Known deviations from Codex

These are intentional choices where oh-my-opencode's architecture differs from Codex's:

  • task() delegation is central for Sisyphus (it is the orchestrator), entirely absent for Oracle (read-only consultant), research-only for Hephaestus and Deep (they execute directly).
  • No update_plan tool; the harness uses task_create / task_update instead. Each prompt references its own tool set.
  • Sub-agent ecosystem (explore, librarian, oracle, metis, momus) is specific to this harness and does not exist in Codex. Each prompt explains when and how to use these agents.
  • Skill loading is a first-class concept via the skill tool. Codex has a simpler skill model.
  • Commentary / final channels are named the same way as Codex's output contract, but the actual transport layer is different (OpenCode, not Codex CLI).

Line counts

For reference, approximate line counts after this rewrite versus the current production prompts:

AgentCurrent (assembled)DraftDelta
Sisyphus GPT-5.4~500~270-46%
Hephaestus GPT-5.4~400~270-33%
Oracle GPT~120~160+33%
Deep category append~20~250 (as standalone)N/A

Oracle grew because v5.5 adds Confidence signaling and explicitly documents follow-up session behavior. Deep grew because the draft is a standalone prompt rather than a category append; in production it would either replace Sisyphus-Junior's GPT-5.5 variant entirely or layer on top of a minimal Sisyphus-Junior base.

What this draft is not

  • Not a .ts file. These are markdown drafts. Converting to TypeScript template strings (with {todoHookNote}, {keyTriggers}, etc. interpolation) is the next step, once the content is validated.
  • Not a tested prompt. These have not been run against evals. Before shipping, each prompt should be benchmarked with skill-creator's eval loop against the current production prompts on a representative task set.
  • Not personality-substituted.
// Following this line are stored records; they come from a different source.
(* Let $d\ge1$, $p>1$ and $s\in(0,1)$ with $sp<d$, and let $\mathcal{C}=C(d,p)\,\frac{s(1-s)}{(d-sp)^{p-1}}$ be the fractional Sobolev constant described in the context. Then for every $u\in W^{s,p}(\mathbb{R}^d)$ and every real $c>0$, \[ \int_{\mathbb{R}^d}|u(x)|^p\log\left(\frac{|u(x)|^p}{\|u\|_{L^p(\mathbb{R}^d)}^p}\right)dx+\frac{d}{s}(1+\log c)\|u\|_{L^p(\mathbb{R}^d)}^p\le \frac{d\,e^{p-1}c^p\,\mathcal{C}}{sp}\int_{\mathbb{R}^d}\int_{\mathbb{R}^d}\frac{|u(x)-u(y)|^p}{|x-y|^{d+sp}}\,dx\,dy. \]
   Context: $W^{s,p}(\mathbb{R}^d)$ is the completion of $C_c^\infty(\mathbb{R}^d)$ under the norm $(\|u\|_{L^p}^p+[u]_{W^{s,p}}^p)^{1/p}$, where $[u]_{W^{s,p}(\mathbb{R}^d)}^p=\int_{\mathbb{R}^d}\int_{\mathbb{R}^d}\frac{|u(x)-u(y)|^p}{|x-y|^{d+sp}}dx\,dy$. $C(d,p)>0$ is a constant depending only on $d$ and $p$ such that, with $\mathcal{C}=C(d,p)\frac{s(1-s)}{(d-sp)^{p-1}}$ and $p^*_s=\frac{dp}{d-sp}$, the fractional Sobolev inequality $\|u\|_{L^{p^*_s}(\mathbb{R}^d)}\le \mathcal{C}^{1/p}[u]_{W^{s,p}(\mathbb{R}^d)}$ holds for all $s\in(0,1)$ with $sp<d$ and all $u\in W^{s,p}(\mathbb{R}^d)$ (such a constant exists by a theorem of Maz'ya and Shaposhnikova). *)

From HB Require Import structures.
From mathcomp Require Import all_boot all_order all_algebra.
From mathcomp Require Import all_classical all_reals all_analysis.
Set Implicit Arguments. Unset Strict Implicit. Unset Printing Implicit Defensive.
Import Order.TTheory GRing.Theory Num.Theory.
Import numFieldNormedType.Exports.
Local Open Scope classical_set_scope.
Local Open Scope ring_scope.

(* R^d is modelled as d.-tuple R, with the product (Borel) sigma-algebra
   generated by the coordinate projections (library instance). *)

Section Defs.
Variables (R : realType) (d : nat).

Definition edist (x y : d.-tuple R) : R :=
  Num.sqrt (\sum_(i < d) (tnth x i - tnth y i) ^+ 2).

Definition box (a b : d.-tuple R) : set (d.-tuple R) :=
  [set x | forall i : 'I_d, tnth a i <= tnth x i <= tnth b i].

(* mu is (the Borel restriction of) the Lebesgue measure on R^d:
   it gives every closed box its Euclidean volume. This characterizes the
   measure uniquely on the product sigma-algebra. *)
Definition is_lebesgue (mu : {measure set (d.-tuple R) -> \bar R}) : Prop :=
  forall a b : d.-tuple R, (forall i, tnth a i <= tnth b i) ->
    mu (box a b) = (\prod_(i < d) (tnth b i - tnth a i))%:E.

Definition upd (x : d.-tuple R) (i : 'I_d) (t : R) : d.-tuple R :=
  [tuple if j == i then t else tnth x j | j < d].

Definition partial (i : 'I_d) (f : d.-tuple R -> R) : d.-tuple R -> R :=
  fun x => derive1 (fun t => f (upd x i t)) (tnth x i).

Definition has_partial (i : 'I_d) (f : d.-tuple R -> R) : Prop :=
  forall x, derivable (fun t => f (upd x i t)) (tnth x i) 1.

Fixpoint iter_partial (js : seq 'I_d) (f : d.-tuple R -> R) :=
  match js with
  | [::] => f
  | i :: js' => partial i (iter_partial js' f)
  end.

Definition econtinuous (f : d.-tuple R -> R) : Prop :=
  forall x (e : R), 0 < e -> exists2 del : R, 0 < del &
    forall y, edist x y < del -> `|f y - f x| < e.

Definition smooth (f : d.-tuple R -> R) : Prop :=
  forall js : seq 'I_d, econtinuous (iter_partial js f) /\
    forall i, has_partial i (iter_partial js f).

Definition compact_support (f : d.-tuple R -> R) : Prop :=
  exists M : R, forall x, M < edist x [tuple of nseq d 0] -> f x = 0.

Definition Cc_infty (f : d.-tuple R -> R) : Prop := smooth f /\ compact_support f.

Variable mu : {measure set (d.-tuple R) -> \bar R}.

Definition gagliardo_p (s p : R) (u : d.-tuple R -> R) : \bar R :=
  (\int[mu]_x \int[mu]_y
     ((`|u x - u y| `^ p) / (edist x y `^ (d%:R + s * p)))%:E)%E.

Definition Lp_p (p : R) (u : d.-tuple R -> R) : \bar R :=
  (\int[mu]_x (`|u x| `^ p)%:E)%E.

(* W^{s,p}(R^d): the completion of C_c^infty under the norm
   (||.||_p^p + [.]^p)^{1/p}, realized concretely as the measurable functions
   that are limits of C_c^infty functions in that norm. *)
Definition in_Wsp (s p : R) (u : d.-tuple R -> R) : Prop :=
  measurable_fun [set: d.-tuple R] u /\
  exists phi : nat -> d.-tuple R -> R, (forall n, Cc_infty (phi n)) /\
    ((fun n => Lp_p p (fun x => phi n x - u x)%R + gagliardo_p s p (fun x => phi n x - u x)%R)%E
       @ \oo --> 0%E).

Definition calC (Cdp s p : R) : R :=
  Cdp * (s * (1 - s)) / ((d%:R - s * p) `^ (p - 1)).

Definition sobolev_constant (Cdp p : R) : Prop :=
  0 < Cdp /\
  forall s : R, 0 < s < 1 -> s * p < d%:R ->
  forall u, in_Wsp s p u ->
    ('N[mu]_((d%:R * p / (d%:R - s * p))%:E)[EFin \o u] <=
       (calC Cdp s p `^ p^-1)%:E * (gagliardo_p s p u `^ p^-1))%E.

End Defs.

From HB Require Import structures.
From mathcomp Require Import all_boot all_order all_algebra.
From mathcomp Require Import all_classical all_reals all_analysis measurable_realfun.
From mathcomp Require Import ring lra.
Set Implicit Arguments.
Unset Strict Implicit.
Unset Printing Implicit Defensive.

Import Order.TTheory GRing.Theory Num.Theory.
Import numFieldNormedType.Exports.
Local Open Scope classical_set_scope.
Local Open Scope ring_scope.

(* Put r = d / (d - sp), so that p r = p*_s and r / (r - 1) = d / (sp), and f = |u|^p
   with N = ||f||_1. The tangent bound 1 + z <= e^z gives, pointwise and for every
   real b,
     f ln (f / N) <= (e^-b f^r / N^(r-1) + (b - 1) f) / (r - 1).
   Integrating and optimising in b bounds the entropy of f by
   r / (r - 1) * N ln (||f||_r / N); a second use of 1 + z <= e^z then gives
     N (ln (||f||_r / N) + p (1 + ln c)) <= e^(p-1) c^p ||f||_r,
   and ||f||_r = ||u||_(p r)^p is at most calC times the Gagliardo seminorm by the
   fractional Sobolev inequality. *)

Section real_inequalities.
Variable R : realType.

Lemma mulr_ln_le_powR (r N b x : R) : 1 < r -> 0 < N -> 0 <= x ->
  x * ln (x / N) <= (expR (- b) * x `^ r / N `^ (r - 1) + (b - 1) * x) / (r - 1).
Proof.
move=> r1 N0; rewrite le_eqVlt => /predU1P[<-|x0].
  by rewrite powR0 ?gt_eqF ?(lt_trans ltr01) // !(mul0r, mulr0, addr0).
rewrite ler_pdivlMr ?subr_gt0 // ln_div ?posrE //.
rewrite /powR !gt_eqF ?subr_gt0 // -{1 4}(lnK (x:=x)) ?posrE //.
set a := ln x; set n := ln N; set z := - b + (r - 1) * (a - n).
have ez : expR (- b) * expR (r * a) / expR ((r - 1) * n) = expR a * expR z.
  by rewrite -expRN -!expRD /z; congr expR; ring.
rewrite ez; have := ler_wpM2l (ltW (expR_gt0 a)) (expR_ge1Dx z); rewrite /z; nra.
Qed.

Lemma exists_entropy_parameter (r N m t : R) : 1 < r -> 0 < N -> 0 <= m ->
  exists b, (expR (- b) * m `^ r / N `^ (r - 1) + (b - 1) * N) / (r - 1)
              + r / (r - 1) * t * N <= r / (r - 1) * expR (t - 1) * m.
Proof.
move=> r1 N0; have r10 : r - 1 != 0 by rewrite subr_eq0 gt_eqF.
rewrite le_eqVlt => /predU1P[<-|m0].
  exists (1 - r * t); rewrite powR0 ?gt_eqF ?(lt_trans ltr01) // mulr0 mul0r add0r.
  by rewrite mulr0 [X in X <= _](_ : _ = 0) //; field.
exists (r * ln (m / N)).
set w := ln (m / N) + t - 1.
have eN : expR (- (r * ln (m / N))) * m `^ r / N `^ (r - 1) = N.
  rewrite /powR !gt_eqF // -!expRN -!expRD ln_div ?posrE //.
  by rewrite -[RHS]lnK ?posrE //; congr expR; ring.
have em : expR (t - 1) * m = N * expR w.
  rewrite /w ln_div ?posrE // -{1}(lnK (x:=m)) ?posrE // -{1}(lnK (x:=N)) ?posrE //.
  by rewrite -!expRD; congr expR; ring.
rewrite eN -[leRHS]mulrA em.
have -> : (N + (r * ln (m / N) - 1) * N) / (r - 1) + r / (r - 1) * t * N
          = r / (r - 1) * (N * (1 + w)) by rewrite /w; field.
rewrite ler_wpM2l ?ler_wpM2l ?expR_ge1Dx ?(ltW N0) //.
by rewrite divr_ge0 ?subr_ge0 ?ltW // (lt_trans ltr01).
Qed.

End real_inequalities.

Section conjugate_exponent.
Variables (F : realFieldType) (a b : F).
Hypotheses (b0 : 0 < b) (ba : b < a).

Lemma divrB_gt1 : 1 < a / (a - b).
Proof. by rewrite ltr_pdivlMr ?subr_gt0 // mul1r ltrBlDr ltrDl. Qed.

Lemma divrB_conjugate : a / (a - b) / (a / (a - b) - 1) = a / b.
Proof.
have ab0 : a - b != 0 by rewrite subr_eq0 gt_eqF.
have -> : a / (a - b) - 1 = b / (a - b) by field.
by field; rewrite ab0 gt_eqF.
Qed.

End conjugate_exponent.

Section entropy.
Context d (T : measurableType d) (R : realType).
Variable mu : {measure set T -> \bar R}.
Local Open Scope ereal_scope.

Lemma le_integral_measurable (D : set T) (f g : T -> \bar R) : measurable D ->
  measurable_fun D f -> mu.-integrable D g -> {in D, forall x, f x <= g x} ->
  \int[mu]_(x in D) f x <= \int[mu]_(x in D) g x.
Proof.
move=> mD mf /integrableP[mg _] fg; rewrite integralE [leRHS]integralE leeB //.
- apply: ge0_le_integral => //; [exact: measurable_funepos|exact: measurable_funepos|].
  by move=> x /mem_set; exact: funepos_le.
- apply: ge0_le_integral => //; [exact: measurable_funeneg|exact: measurable_funeneg|].
  by move=> x /mem_set; exact: funeneg_le.
Qed.

Lemma ge0_fin_integrable (f : T -> R) (M : R) :
  measurable_fun setT f -> (forall x, 0 <= f x)%R ->
  \int[mu]_x (f x)%:E = M%:E -> mu.-integrable setT (fun x => (f x)%:E).
Proof.
move=> mf f0 fM; apply/integrableP; split; first exact/measurable_EFinP.
rewrite (eq_integral (fun x => (f x)%:E)) ?fM ?ltry //.
by move=> x _; rewrite gee0_abs ?lee_fin.
Qed.

Variables (f : T -> R) (r N : R).
Hypotheses (mf : measurable_fun setT f) (f0 : forall x, (0 <= f x)%R).
Hypotheses (r1 : (1 < r)%R) (N0 : (0 < N)%R) (fN : \int[mu]_x (f x)%:E = N%:E).

Lemma integral_entropy_le (M b : R) : \int[mu]_x (f x `^ r)%:E = M%:E ->
  \int[mu]_x (f x * ln (f x / N))%:E <=
    ((expR (- b) * M / N `^ (r - 1) + (b - 1) * N) / (r - 1))%:E.
Proof.
move=> fM.
have mfr : measurable_fun setT (fun x => f x `^ r)%R.
  exact: (measurableT_comp (measurable_powR r)).
have if1 := ge0_fin_integrable mf f0 fN.
have ifr := ge0_fin_integrable mfr (fun x => powR_ge0 _ _) fM.
have r10 : (r - 1 != 0)%R by rewrite subr_eq0 gt_eqF.
have Nr0 : (N `^ (r - 1) != 0)%R by rewrite gt_eqF ?powR_gt0.
set k1 := (expR (- b) / N `^ (r - 1) / (r - 1))%R; set k2 := ((b - 1) / (r - 1))%R.
apply: (@le_trans _ _ (\int[mu]_x (k1%:E * (f x `^ r)%:E + k2%:E * (f x)%:E))).
  apply: le_integral_measurable => //.
  - apply/measurable_EFinP; apply: measurable_funM => //.
    apply: measurableT_comp; first exact: measurable_ln.
    by apply: measurable_funM => //; exact: measurable_cst.
  - by apply: integrableD => //; exact: integrableZl.
  move=> x _; rewrite -!EFinM -EFinD lee_fin /k1 /k2.
  apply: le_trans (mulr_ln_le_powR b r1 N0 (f0 x)) _.
  by rewrite le_eqVlt; apply/predU1P; left; field; rewrite r10 Nr0.
rewrite integralD //; [|exact: integrableZl|exact: integrableZl].
rewrite !integralZl // fM fN -!EFinM -EFinD lee_fin /k1 /k2.
by rewrite le_eqVlt; apply/predU1P; left; field; rewrite r10 Nr0.
Qed.

Lemma integral_entropy_le_powR_norm (m t : R) : (0 <= m)%R ->
  \int[mu]_x (f x `^ r)%:E = (m `^ r)%:E ->
  \int[mu]_x (f x * ln (f x / N))%:E + (r / (r - 1) * t * N)%:E <=
    (r / (r - 1) * expR (t - 1) * m)%:E.
Proof.
move=> m0 fm; have [b hb] := exists_entropy_parameter t r1 N0 m0.
by apply: le_trans (leeD2r _ (integral_entropy_le b fm)) _; rewrite -EFinD lee_fin.
Qed.

End entropy.

Lemma gagliardo_p_ge0 (R : realType) (d : nat) (mu : {measure set (d.-tuple R) -> \bar R})
    (s p : R) (u : d.-tuple R -> R) :
  (0 <= gagliardo_p mu s p u)%E.
Proof.
apply: integral_ge0 => x _; apply: integral_ge0 => y _.
by rewrite lee_fin divr_ge0 ?powR_ge0.
Qed.

Lemma Lp_p_ge0 (R : realType) (d : nat) (mu : {measure set (d.-tuple R) -> \bar R})
    (p : R) (u : d.-tuple R -> R) :
  (0 <= Lp_p mu p u)%E.
Proof. by apply: integral_ge0 => x _; rewrite lee_fin powR_ge0. Qed.

Lemma calC_gt0 (R : realType) (d : nat) (Cdp s p : R) :
  0 < Cdp -> 0 < s < 1 -> s * p < d%:R -> 0 < calC d Cdp s p.
Proof.
move=> C0 /andP[s0 s1] spd; rewrite /calC divr_gt0 ?powR_gt0 ?subr_gt0 //.
by rewrite !mulr_gt0 ?subr_gt0.
Qed.

Section sobolev.
Variables (R : realType) (d : nat) (mu : {measure set (d.-tuple R) -> \bar R}).
Variables (Cdp p s : R) (u : d.-tuple R -> R).
Hypotheses (p1 : 1 < p) (s01 : 0 < s < 1) (spd : s * p < d%:R).
Hypotheses (sob : sobolev_constant mu Cdp p) (wsp : in_Wsp mu s p u).

Lemma sobolev_integral_powR (g : R) : gagliardo_p mu s p u = g%:E ->
  exists2 m, 0 <= m <= calC d Cdp s p * g &
    (\int[mu]_x ((`|u x| `^ p) `^ (d%:R / (d%:R - s * p)))%:E
      = (m `^ (d%:R / (d%:R - s * p)))%:E)%E.
Proof.
move=> ug; have := sob.2 s s01 spd u wsp.
rewrite ug poweR_EFin -EFinM unlock /= => uq.
have /andP[s0 _] := s01; have p0 : 0 < p := lt_trans ltr01 p1.
set r := d%:R / _; set q := d%:R * p / _ in uq.
have r1 : 1 < r by rewrite divrB_gt1 ?mulr_gt0.
have qE : q = p * r by rewrite /q /r; ring.
have q0 : 0 < q by rewrite qE mulr_gt0 ?(lt_trans ltr01).
under eq_integral do rewrite -powRrM -qE.
have M0 : (0 <= \int[mu]_x (`|u x| `^ q)%:E)%E.
  by apply: integral_ge0 => x _; rewrite lee_fin powR_ge0.
move: uq M0; case: (\int[mu]_x _)%E => [M| |] //; last first.
  by rewrite poweRyr ?invr_neq0 ?gt_eqF.
rewrite poweR_EFin !lee_fin => uq M0.
exists ((M `^ q^-1) `^ p); last by rewrite -!powRrM -qE mulVf ?gt_eqF ?powRr1.
rewrite powR_ge0 /=.
have g0 : 0 <= g by rewrite -lee_fin -ug gagliardo_p_ge0.
have C0 : 0 <= calC d Cdp s p by rewrite ltW ?calC_gt0 ?sob.1.
apply: le_trans (ge0_ler_powR (ltW p0) _ _ uq) _;
  rewrite ?nnegrE ?mulr_ge0 ?powR_ge0 //.
by rewrite powRM ?powR_ge0 // -!powRrM mulVf ?gt_eqF // !powRr1.
Qed.

Lemma log_sobolev_fin (c g N : R) : 0 < c ->
  gagliardo_p mu s p u = g%:E -> Lp_p mu p u = N%:E -> 0 < N ->
  ((\int[mu]_x (`|u x| `^ p * ln (`|u x| `^ p / N))%:E)
     + (d%:R / s * (1 + ln c) * N)%:E
   <= (d%:R * expR (p - 1) * c `^ p * calC d Cdp s p / (s * p) * g)%:E)%E.
Proof.
move=> c0 ug uN N0; have /andP[s0 _] := s01.
have p0 : 0 < p := lt_trans ltr01 p1.
have sp0 : 0 < s * p by rewrite mulr_gt0.
have [m /andP[m0 mCg] um] := sobolev_integral_powR ug.
have mup : measurable_fun setT (fun x => `|u x| `^ p).
  apply: (measurableT_comp (measurable_powR p)).
  by apply: measurableT_comp => //; exact: wsp.1.
have := integral_entropy_le_powR_norm mup (fun x => powR_ge0 _ _)
  (divrB_gt1 sp0 spd) N0 uN (p * (1 + ln c)) m0 um.
rewrite divrB_conjugate // [X in (X * N)%:E](_ : _ = d%:R / s * (1 + ln c)).
  2: by field; rewrite !gt_eqF.
move=> /le_trans; apply; rewrite lee_fin.
have -> : expR (p * (1 + ln c) - 1) = expR (p - 1) * c `^ p.
  by rewrite /powR gt_eqF // -expRD; congr expR; ring.
rewrite [leRHS](_ : _ = d%:R / (s * p) * (expR (p - 1) * c `^ p) * (calC d Cdp s p * g)).
  2: by ring.
by rewrite ler_wpM2l // mulr_ge0 ?divr_ge0 ?mulr_ge0 ?expR_ge0 ?powR_ge0 ?ler0n ?ltW.
Qed.

End sobolev.

Theorem theorem1p2 (R : realType) (d : nat)
  (mu : {measure set (d.-tuple R) -> \bar R})
  (p s Cdp : R) (u : d.-tuple R -> R) (c : R) :
  (1 <= d)%N -> 1 < p -> 0 < s < 1 -> s * p < d%:R ->
  is_lebesgue mu ->
  sobolev_constant mu Cdp p ->
  in_Wsp mu s p u -> 0 < c ->
  let Np := fine (Lp_p mu p u) in
  ((\int[mu]_x (`|u x| `^ p * ln (`|u x| `^ p / Np))%:E)
     + (d%:R / s * (1 + ln c) * Np)%:E
   <= (d%:R * expR (p - 1) * c `^ p * @calC R d Cdp s p / (s * p))%:E
        * gagliardo_p mu s p u)%E.
Proof.
move=> _ p1 s01 spd _ sob wsp c0; cbv zeta; set Np := fine _.
have /andP[s0 _] := s01.
have sp0 : 0 < s * p by rewrite mulr_gt0 // (lt_trans ltr01).
have K0 : 0 < d%:R * expR (p - 1) * c `^ p * calC d Cdp s p / (s * p).
  have d0 : 0 < d%:R := lt_trans sp0 spd.
  have C0 := calC_gt0 sob.1 s01 spd.
  by rewrite divr_gt0 // mulr_gt0 // mulr_gt0 ?powR_gt0 // mulr_gt0 ?expR_gt0.
(* [Np = 0] also covers an infinite L^p norm (fine +oo = 0); the integrand then
   vanishes because x / 0 = 0 and ln 0 = 0. *)
have [Np0|Np_gt0] := eqVneq Np 0.
  rewrite Np0 mulr0 adde0 (eq_integral (fun _ => 0%E)) => [|x _]; last first.
    by rewrite invr0 mulr0 ln0 ?mulr0.
  by rewrite integral0 mule_ge0 ?gagliardo_p_ge0 // lee_fin ltW.
have {Np_gt0}Np_gt0 : 0 < Np by rewrite lt0r Np_gt0 fine_ge0 ?Lp_p_ge0.
have uN : Lp_p mu p u = Np%:E.
  by move: Np_gt0; rewrite /Np; case: (Lp_p mu p u) (Lp_p_ge0 mu p u) => //= _; rewrite ltxx.
move: (gagliardo_p_ge0 mu s p u).
case ug : (gagliardo_p mu s p u) => [g| |] // _; last first.
  by rewrite mulry gtr0_sg // mul1e leey.
by rewrite -EFinM; exact: log_sobolev_fin.
Qed.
The {{ personality }} slot is a placeholder. Default / friendly / pragmatic content still needs to be authored.

Suggested next steps

  1. Author personality variants. Three short paragraphs (default, friendly, pragmatic) that slot into {{ personality }} and can be reused across all four prompts.
  2. Build an eval harness. Pick 5-10 representative tasks per agent and run current-prod vs draft-v5.5 head-to-head.
  3. Convert to .ts with dynamic composition helpers. Preserve the existing buildAgentIdentitySection, buildToolSelectionTable, etc. integration points where they still apply.
  4. Ship behind a feature flag. Opt-in for gpt-5.5 model selection until eval confidence is high.